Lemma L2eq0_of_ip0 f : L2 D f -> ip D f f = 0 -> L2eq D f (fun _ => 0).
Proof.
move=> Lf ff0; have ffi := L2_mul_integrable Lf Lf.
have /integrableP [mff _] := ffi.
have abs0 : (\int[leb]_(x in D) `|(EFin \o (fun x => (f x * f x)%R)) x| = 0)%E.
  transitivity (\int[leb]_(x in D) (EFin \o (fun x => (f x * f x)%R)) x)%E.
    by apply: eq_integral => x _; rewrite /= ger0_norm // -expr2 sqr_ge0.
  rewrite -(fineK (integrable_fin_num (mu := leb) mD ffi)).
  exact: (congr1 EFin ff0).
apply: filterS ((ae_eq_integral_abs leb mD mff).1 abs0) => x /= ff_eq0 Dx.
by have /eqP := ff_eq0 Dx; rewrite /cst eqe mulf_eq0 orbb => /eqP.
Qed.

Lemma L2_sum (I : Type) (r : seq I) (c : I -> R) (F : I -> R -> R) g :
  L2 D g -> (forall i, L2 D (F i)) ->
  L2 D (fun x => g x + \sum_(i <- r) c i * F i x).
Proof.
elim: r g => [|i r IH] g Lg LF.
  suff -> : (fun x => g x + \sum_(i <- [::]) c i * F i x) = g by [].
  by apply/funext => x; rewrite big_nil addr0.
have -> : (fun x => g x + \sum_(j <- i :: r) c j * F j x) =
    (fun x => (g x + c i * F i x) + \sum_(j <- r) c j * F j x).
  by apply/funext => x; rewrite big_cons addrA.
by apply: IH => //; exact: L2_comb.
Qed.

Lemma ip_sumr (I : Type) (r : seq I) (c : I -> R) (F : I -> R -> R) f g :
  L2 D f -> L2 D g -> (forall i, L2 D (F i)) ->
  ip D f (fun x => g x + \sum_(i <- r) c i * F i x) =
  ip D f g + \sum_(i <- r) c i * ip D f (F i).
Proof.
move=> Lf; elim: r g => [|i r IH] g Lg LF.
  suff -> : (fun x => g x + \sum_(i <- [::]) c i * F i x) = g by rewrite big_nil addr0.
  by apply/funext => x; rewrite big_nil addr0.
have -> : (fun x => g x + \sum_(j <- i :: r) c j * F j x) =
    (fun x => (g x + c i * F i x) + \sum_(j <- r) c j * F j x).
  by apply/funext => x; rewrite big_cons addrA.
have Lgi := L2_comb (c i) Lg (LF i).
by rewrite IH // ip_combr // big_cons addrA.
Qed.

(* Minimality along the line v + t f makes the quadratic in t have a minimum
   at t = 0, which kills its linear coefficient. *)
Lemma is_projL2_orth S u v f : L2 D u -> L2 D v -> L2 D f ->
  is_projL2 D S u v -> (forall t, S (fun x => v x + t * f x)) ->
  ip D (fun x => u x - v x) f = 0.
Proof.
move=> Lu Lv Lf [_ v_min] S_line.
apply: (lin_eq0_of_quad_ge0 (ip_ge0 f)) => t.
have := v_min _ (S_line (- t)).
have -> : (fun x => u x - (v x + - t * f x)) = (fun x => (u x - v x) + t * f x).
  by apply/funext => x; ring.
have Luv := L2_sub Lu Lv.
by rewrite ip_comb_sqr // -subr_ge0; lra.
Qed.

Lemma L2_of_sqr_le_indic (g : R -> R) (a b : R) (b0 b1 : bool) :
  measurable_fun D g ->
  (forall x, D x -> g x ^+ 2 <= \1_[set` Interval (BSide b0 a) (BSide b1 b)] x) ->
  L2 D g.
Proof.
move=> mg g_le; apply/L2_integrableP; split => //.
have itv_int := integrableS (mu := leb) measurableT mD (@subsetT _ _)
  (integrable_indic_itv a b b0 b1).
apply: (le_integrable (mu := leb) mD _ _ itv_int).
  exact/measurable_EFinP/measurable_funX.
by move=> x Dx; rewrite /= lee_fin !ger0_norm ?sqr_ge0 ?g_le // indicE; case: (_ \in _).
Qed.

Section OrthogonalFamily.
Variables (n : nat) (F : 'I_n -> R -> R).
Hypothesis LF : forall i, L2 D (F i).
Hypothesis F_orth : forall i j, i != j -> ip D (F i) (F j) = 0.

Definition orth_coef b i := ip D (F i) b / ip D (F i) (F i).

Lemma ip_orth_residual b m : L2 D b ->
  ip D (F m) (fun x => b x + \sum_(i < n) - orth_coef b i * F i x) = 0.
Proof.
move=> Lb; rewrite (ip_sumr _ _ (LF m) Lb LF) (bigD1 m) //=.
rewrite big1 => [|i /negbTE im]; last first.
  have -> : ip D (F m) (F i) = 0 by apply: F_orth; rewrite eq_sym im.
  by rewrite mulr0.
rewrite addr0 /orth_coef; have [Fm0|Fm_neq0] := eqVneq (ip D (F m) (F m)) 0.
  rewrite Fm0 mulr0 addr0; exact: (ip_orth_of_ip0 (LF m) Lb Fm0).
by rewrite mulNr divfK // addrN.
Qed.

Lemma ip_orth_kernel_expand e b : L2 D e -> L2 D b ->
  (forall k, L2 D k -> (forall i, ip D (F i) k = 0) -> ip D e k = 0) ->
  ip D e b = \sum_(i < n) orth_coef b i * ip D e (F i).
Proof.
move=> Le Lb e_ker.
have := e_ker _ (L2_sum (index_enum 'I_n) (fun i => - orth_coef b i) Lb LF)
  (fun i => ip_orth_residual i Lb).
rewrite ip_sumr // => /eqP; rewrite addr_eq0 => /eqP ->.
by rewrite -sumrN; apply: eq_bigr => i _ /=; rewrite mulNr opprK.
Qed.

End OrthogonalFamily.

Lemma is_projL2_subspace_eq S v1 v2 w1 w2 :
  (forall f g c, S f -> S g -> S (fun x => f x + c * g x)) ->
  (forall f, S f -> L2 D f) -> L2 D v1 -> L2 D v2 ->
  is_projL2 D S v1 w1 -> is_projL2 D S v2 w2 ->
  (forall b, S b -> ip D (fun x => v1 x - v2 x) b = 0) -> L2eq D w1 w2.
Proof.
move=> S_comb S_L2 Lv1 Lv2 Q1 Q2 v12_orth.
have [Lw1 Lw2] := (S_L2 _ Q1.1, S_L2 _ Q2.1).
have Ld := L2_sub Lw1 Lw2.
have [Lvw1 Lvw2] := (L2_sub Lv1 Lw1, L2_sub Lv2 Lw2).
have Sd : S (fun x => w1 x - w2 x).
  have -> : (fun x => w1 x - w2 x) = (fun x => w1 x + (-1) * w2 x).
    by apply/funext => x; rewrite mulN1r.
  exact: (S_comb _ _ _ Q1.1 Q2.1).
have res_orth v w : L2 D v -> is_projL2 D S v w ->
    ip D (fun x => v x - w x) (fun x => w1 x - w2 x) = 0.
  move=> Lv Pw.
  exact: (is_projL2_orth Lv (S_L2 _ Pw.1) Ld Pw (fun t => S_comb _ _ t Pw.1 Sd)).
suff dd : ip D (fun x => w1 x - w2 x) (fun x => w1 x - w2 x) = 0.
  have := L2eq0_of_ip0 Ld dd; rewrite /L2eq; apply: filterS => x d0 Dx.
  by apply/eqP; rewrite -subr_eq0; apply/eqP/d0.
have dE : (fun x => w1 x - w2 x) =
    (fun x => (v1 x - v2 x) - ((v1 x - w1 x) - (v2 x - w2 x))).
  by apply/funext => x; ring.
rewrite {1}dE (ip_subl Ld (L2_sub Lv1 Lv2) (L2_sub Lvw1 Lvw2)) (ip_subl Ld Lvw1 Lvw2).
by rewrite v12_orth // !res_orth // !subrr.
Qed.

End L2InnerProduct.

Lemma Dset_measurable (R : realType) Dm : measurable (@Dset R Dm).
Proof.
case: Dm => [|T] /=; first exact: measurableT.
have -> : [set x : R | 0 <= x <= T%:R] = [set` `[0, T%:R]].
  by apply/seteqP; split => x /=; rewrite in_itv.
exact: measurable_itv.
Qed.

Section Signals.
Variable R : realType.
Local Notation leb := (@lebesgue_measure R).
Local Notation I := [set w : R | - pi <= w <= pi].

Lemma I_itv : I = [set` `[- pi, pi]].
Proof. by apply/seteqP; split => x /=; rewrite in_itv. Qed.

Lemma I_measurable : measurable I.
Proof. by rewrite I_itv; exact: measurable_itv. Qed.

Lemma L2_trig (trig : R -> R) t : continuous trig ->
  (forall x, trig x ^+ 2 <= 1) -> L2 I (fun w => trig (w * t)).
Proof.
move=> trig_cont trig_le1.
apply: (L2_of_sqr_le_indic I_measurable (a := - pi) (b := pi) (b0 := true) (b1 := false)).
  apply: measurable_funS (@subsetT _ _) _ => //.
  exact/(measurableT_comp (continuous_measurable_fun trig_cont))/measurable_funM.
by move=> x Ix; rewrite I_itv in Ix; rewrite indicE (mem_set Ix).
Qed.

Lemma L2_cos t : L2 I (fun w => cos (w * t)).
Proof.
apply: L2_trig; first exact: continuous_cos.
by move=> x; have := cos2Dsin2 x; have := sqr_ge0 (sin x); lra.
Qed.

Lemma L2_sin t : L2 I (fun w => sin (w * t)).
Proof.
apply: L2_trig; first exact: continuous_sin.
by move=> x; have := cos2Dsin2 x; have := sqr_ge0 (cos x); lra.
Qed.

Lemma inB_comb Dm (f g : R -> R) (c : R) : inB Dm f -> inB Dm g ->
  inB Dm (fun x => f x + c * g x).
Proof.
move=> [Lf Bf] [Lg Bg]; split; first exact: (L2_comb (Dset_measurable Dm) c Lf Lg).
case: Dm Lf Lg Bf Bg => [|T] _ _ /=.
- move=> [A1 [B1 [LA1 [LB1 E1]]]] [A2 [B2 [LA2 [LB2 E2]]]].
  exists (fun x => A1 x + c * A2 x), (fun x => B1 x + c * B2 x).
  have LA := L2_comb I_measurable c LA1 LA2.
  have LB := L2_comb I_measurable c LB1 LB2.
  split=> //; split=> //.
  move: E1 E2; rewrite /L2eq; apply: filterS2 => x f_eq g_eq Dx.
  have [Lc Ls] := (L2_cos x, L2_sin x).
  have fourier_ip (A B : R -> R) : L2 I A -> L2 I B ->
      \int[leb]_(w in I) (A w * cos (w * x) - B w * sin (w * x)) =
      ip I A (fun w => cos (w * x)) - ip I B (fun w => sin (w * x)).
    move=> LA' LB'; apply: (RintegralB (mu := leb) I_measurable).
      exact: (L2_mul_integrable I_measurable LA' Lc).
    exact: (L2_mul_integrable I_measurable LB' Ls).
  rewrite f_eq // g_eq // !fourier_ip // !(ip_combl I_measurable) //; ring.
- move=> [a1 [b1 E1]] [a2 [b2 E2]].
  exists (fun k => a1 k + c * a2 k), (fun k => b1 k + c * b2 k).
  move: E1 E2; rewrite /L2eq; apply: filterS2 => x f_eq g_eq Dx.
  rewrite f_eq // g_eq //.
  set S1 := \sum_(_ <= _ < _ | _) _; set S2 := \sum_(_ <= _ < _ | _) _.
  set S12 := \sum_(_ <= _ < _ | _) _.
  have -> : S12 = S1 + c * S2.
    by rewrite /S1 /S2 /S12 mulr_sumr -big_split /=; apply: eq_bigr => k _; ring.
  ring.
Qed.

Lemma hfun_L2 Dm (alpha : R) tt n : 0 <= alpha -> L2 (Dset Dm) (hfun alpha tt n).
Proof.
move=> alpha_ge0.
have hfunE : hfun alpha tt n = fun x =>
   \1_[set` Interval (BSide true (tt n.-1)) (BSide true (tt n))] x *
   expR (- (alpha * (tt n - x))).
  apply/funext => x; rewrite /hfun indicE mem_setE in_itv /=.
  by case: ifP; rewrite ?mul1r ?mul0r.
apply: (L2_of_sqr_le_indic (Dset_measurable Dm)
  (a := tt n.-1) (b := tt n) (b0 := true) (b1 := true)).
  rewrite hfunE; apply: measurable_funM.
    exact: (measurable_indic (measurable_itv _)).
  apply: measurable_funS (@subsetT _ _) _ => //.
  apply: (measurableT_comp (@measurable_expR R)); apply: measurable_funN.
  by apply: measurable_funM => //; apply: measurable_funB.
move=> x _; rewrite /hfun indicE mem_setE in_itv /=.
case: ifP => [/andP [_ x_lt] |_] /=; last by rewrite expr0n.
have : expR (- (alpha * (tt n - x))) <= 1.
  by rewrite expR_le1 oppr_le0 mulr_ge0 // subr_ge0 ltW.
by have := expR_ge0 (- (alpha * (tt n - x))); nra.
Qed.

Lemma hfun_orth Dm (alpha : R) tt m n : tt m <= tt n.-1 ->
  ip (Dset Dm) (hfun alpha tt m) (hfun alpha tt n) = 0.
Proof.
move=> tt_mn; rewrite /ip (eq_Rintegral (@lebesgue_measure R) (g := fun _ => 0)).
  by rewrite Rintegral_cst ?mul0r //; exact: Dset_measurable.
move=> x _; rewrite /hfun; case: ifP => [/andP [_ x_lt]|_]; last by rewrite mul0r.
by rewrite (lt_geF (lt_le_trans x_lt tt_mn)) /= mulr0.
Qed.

+ + + +

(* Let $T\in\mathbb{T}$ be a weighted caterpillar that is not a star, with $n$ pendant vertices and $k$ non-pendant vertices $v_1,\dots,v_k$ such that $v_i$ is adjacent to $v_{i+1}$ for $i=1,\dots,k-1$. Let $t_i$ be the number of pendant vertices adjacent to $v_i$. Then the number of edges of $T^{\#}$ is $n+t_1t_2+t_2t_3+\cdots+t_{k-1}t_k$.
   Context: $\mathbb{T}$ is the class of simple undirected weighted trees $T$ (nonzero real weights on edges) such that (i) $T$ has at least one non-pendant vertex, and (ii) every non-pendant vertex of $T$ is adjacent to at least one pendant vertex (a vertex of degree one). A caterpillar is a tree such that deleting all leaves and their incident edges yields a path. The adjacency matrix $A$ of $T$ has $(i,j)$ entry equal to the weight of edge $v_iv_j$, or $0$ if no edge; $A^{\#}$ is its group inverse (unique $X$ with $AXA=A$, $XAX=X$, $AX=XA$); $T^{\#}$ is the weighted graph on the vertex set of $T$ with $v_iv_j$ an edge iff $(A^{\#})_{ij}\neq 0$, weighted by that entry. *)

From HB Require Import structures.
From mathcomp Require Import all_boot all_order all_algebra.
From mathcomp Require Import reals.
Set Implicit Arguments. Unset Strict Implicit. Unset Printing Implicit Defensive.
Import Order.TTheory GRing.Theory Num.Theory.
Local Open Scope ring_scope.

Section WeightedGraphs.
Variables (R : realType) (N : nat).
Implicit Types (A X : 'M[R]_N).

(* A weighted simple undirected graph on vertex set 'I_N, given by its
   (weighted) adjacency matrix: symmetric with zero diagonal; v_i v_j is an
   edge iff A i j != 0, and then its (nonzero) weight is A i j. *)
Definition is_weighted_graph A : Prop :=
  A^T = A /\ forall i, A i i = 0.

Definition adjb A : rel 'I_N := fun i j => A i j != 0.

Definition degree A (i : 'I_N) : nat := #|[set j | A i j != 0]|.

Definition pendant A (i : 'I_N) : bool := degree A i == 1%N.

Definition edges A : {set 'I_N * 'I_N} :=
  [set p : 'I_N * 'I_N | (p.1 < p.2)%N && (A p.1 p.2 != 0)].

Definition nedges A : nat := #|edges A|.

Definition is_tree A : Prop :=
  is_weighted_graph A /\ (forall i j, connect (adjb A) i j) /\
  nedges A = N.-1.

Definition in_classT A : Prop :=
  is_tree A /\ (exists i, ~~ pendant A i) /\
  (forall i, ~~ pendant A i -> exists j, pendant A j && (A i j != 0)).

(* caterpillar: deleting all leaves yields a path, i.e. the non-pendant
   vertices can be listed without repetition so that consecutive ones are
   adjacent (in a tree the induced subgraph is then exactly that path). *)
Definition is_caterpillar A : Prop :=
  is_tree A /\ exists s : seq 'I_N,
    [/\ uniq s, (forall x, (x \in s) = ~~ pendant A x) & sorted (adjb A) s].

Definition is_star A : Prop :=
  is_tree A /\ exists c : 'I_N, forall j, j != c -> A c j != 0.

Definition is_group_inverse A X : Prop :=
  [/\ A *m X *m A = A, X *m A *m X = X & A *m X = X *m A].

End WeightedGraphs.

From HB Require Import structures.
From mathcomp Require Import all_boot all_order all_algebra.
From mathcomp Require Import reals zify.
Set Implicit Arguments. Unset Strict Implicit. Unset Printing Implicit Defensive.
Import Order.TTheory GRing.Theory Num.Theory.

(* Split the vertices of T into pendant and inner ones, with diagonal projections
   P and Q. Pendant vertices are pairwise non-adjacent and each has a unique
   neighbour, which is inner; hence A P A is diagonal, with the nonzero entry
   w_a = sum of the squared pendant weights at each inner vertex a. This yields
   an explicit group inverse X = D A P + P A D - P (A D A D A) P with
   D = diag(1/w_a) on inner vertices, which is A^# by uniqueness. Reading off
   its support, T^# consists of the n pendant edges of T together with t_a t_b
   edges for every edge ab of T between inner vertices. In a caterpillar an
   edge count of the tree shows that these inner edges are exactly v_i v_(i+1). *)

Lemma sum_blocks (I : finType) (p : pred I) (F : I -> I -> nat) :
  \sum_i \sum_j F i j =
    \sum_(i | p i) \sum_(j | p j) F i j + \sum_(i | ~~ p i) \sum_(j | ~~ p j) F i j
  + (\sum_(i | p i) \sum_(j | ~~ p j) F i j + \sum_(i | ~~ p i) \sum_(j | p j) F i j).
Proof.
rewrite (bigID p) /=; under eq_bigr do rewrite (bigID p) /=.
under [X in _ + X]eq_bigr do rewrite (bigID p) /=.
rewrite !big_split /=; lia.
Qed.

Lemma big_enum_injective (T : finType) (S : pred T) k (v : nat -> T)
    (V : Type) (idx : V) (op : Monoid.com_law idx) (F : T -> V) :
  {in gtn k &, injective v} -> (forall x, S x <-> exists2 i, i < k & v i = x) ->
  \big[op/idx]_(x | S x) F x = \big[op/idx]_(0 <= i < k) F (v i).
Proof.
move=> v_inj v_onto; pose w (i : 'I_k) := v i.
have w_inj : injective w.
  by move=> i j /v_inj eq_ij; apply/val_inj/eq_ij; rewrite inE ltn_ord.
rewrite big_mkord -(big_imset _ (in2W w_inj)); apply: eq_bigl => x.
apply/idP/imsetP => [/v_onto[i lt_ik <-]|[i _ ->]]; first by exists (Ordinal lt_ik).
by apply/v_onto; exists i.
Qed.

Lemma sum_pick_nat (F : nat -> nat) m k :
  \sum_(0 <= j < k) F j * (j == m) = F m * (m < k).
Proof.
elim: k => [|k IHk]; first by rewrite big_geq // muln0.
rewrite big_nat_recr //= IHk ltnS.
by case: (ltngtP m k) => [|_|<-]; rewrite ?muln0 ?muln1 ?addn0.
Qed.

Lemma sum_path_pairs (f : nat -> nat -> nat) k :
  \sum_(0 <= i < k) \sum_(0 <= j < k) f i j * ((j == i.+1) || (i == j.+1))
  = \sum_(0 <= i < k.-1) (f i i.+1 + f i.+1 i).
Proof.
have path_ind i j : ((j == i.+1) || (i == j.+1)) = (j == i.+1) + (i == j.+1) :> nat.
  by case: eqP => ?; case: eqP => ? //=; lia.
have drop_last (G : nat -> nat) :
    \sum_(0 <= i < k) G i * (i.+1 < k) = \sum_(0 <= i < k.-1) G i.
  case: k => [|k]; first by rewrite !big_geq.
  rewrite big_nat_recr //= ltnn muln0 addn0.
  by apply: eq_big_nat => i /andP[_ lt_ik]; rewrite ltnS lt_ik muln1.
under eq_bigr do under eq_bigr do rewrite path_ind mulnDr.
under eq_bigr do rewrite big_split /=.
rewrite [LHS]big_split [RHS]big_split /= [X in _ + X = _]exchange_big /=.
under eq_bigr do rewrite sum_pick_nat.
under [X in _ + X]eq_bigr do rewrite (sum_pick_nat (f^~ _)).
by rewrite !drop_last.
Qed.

+ + + +

PROBLEM TO WORK ON: What you return should be exactly the lines above, starting at the one with "move=> Lb; rewrite" and ending at the one with "move=> Le Lb e_ker.", and nothing else.

FINISHED EXERCISE:
move=> Lb; rewrite (ip_sumr _ _ (LF m) Lb LF) (bigD1 m) //=.
rewrite big1 => [|i /negbTE im]; last first.
  have -> : ip D (F m) (F i) = 0 by apply: F_orth; rewrite eq_sym im.
  by rewrite mulr0.
rewrite addr0 /orth_coef; have [Fm0|Fm_neq0] := eqVneq (ip D (F m) (F m)) 0.
  rewrite Fm0 mulr0 addr0; exact: (ip_orth_of_ip0 (LF m) Lb Fm0).
by rewrite mulNr divfK // addrN.
Qed.

Lemma ip_orth_kernel_expand e b : L2 D e -> L2 D b ->
  (forall k, L2 D k -> (forall i, ip D (F i) k = 0) -> ip D e k = 0) ->
  ip D e b = \sum_(i < n) orth_coef b i * ip D e (F i).
Proof.
move=> Le Lb e_ker.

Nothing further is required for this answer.